■ **Instructions to follow**
Set down, please, exactly the lines below that run from the line with "by rewrite mxE" to the line with "by rewrite !fctE", both lines included.

■ **Exercise material**
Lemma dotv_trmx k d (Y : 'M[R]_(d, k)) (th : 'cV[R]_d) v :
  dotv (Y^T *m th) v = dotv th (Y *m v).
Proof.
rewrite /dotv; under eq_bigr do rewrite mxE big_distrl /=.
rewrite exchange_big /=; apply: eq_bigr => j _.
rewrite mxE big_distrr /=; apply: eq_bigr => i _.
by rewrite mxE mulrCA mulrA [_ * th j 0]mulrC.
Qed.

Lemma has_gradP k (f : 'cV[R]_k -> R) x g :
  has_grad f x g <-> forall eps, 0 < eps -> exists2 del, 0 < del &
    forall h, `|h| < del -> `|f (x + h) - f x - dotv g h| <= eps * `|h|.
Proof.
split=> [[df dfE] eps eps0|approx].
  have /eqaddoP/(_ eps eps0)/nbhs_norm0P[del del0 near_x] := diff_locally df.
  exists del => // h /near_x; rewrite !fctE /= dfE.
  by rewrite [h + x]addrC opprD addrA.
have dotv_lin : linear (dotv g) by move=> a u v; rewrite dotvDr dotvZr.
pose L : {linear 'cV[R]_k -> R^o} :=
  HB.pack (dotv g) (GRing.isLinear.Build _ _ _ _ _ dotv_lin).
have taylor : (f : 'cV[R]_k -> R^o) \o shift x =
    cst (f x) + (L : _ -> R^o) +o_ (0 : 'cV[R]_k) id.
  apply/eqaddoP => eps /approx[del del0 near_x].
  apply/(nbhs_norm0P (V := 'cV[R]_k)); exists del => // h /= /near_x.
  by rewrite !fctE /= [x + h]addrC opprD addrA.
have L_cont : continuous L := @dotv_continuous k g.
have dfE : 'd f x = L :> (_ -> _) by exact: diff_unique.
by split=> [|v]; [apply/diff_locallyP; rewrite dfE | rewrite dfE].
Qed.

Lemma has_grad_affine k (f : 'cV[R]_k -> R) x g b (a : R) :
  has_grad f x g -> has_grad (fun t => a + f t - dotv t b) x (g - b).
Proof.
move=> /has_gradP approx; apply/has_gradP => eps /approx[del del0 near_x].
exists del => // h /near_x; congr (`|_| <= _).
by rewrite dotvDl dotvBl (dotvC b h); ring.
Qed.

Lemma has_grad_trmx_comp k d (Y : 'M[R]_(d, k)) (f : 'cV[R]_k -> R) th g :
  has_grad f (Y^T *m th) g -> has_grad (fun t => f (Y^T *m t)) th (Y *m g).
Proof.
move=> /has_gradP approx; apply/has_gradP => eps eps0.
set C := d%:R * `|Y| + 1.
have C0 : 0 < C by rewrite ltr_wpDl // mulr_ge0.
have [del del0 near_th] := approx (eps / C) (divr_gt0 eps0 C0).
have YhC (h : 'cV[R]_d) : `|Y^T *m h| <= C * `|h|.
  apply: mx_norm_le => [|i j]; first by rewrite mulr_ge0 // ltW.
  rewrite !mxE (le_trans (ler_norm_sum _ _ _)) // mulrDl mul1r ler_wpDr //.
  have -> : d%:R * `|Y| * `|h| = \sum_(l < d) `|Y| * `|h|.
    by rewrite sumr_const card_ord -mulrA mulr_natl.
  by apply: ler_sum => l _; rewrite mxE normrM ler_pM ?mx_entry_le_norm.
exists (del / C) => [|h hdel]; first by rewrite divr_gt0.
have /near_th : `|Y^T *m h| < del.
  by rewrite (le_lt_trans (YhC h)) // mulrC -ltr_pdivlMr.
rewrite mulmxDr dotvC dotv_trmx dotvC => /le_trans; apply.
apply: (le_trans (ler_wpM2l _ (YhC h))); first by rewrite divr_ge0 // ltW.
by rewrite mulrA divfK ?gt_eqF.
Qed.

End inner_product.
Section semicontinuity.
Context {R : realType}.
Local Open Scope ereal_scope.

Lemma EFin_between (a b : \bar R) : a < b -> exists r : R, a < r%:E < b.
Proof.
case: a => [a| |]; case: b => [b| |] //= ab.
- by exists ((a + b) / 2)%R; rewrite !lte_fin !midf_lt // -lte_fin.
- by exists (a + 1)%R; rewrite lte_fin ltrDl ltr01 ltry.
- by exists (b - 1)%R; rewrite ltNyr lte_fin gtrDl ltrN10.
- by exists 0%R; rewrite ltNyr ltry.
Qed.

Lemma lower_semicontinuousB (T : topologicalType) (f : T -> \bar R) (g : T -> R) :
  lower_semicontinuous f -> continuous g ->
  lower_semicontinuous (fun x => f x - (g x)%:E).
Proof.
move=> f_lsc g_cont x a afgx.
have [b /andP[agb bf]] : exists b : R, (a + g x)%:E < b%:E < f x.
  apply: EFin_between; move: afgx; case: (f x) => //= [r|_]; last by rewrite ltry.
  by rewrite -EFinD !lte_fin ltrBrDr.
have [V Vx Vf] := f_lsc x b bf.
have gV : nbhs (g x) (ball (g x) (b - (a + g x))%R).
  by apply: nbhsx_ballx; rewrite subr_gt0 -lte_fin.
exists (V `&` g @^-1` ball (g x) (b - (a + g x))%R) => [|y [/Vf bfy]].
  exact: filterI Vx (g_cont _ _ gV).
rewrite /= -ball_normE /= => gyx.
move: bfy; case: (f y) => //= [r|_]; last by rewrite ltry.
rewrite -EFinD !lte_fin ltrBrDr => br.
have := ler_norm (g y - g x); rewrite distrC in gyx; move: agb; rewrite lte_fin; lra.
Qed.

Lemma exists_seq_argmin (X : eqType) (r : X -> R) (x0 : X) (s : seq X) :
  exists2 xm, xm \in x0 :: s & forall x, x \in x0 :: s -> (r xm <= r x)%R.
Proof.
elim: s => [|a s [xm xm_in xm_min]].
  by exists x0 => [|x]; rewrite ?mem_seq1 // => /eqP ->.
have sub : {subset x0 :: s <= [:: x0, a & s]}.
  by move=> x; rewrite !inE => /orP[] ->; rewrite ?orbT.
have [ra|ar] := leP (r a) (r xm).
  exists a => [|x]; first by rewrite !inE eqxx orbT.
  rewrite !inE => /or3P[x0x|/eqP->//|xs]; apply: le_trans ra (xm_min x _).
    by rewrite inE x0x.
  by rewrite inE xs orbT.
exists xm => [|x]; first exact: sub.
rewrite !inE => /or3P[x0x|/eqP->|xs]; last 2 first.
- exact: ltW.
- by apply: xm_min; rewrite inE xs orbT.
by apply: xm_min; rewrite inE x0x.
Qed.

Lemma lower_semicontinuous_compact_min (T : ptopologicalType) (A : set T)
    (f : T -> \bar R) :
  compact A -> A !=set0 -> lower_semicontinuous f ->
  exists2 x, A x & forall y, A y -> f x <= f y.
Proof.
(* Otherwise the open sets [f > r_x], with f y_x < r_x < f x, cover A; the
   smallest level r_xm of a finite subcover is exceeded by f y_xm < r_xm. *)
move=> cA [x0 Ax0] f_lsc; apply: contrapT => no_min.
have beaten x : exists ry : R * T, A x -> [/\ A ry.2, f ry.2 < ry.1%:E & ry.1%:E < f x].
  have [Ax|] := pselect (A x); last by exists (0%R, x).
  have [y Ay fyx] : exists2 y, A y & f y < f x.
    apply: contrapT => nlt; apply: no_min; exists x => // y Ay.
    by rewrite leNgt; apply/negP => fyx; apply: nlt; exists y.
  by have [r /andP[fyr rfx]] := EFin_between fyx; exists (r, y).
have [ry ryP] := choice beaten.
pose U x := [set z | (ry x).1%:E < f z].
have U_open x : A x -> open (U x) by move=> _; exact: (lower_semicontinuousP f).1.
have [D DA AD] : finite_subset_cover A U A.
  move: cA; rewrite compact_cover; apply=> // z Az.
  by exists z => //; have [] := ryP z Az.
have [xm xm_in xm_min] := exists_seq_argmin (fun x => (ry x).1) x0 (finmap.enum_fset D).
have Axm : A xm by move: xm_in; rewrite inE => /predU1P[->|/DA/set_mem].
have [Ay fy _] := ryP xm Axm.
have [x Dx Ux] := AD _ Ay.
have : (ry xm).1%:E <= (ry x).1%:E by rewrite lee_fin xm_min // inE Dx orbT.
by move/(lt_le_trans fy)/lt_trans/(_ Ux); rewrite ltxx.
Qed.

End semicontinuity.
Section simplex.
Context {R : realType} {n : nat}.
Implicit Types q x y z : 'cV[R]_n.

■ **Completed task**
by rewrite mxE mulrCA mulrA [_ * th j 0]mulrC.
Qed.

Lemma has_gradP k (f : 'cV[R]_k -> R) x g :
  has_grad f x g <-> forall eps, 0 < eps -> exists2 del, 0 < del &
    forall h, `|h| < del -> `|f (x + h) - f x - dotv g h| <= eps * `|h|.
Proof.
split=> [[df dfE] eps eps0|approx].
  have /eqaddoP/(_ eps eps0)/nbhs_norm0P[del del0 near_x] := diff_locally df.
  exists del => // h /near_x; rewrite !fctE /= dfE.
  by rewrite [h + x]addrC opprD addrA.
have dotv_lin : linear (dotv g) by move=> a u v; rewrite dotvDr dotvZr.
pose L : {linear 'cV[R]_k -> R^o} :=
  HB.pack (dotv g) (GRing.isLinear.Build _ _ _ _ _ dotv_lin).
have taylor : (f : 'cV[R]_k -> R^o) \o shift x =
    cst (f x) + (L : _ -> R^o) +o_ (0 : 'cV[R]_k) id.
  apply/eqaddoP => eps /approx[del del0 near_x].
  apply/(nbhs_norm0P (V := 'cV[R]_k)); exists del => // h /= /near_x.
  by rewrite !fctE /= [x + h]addrC opprD addrA.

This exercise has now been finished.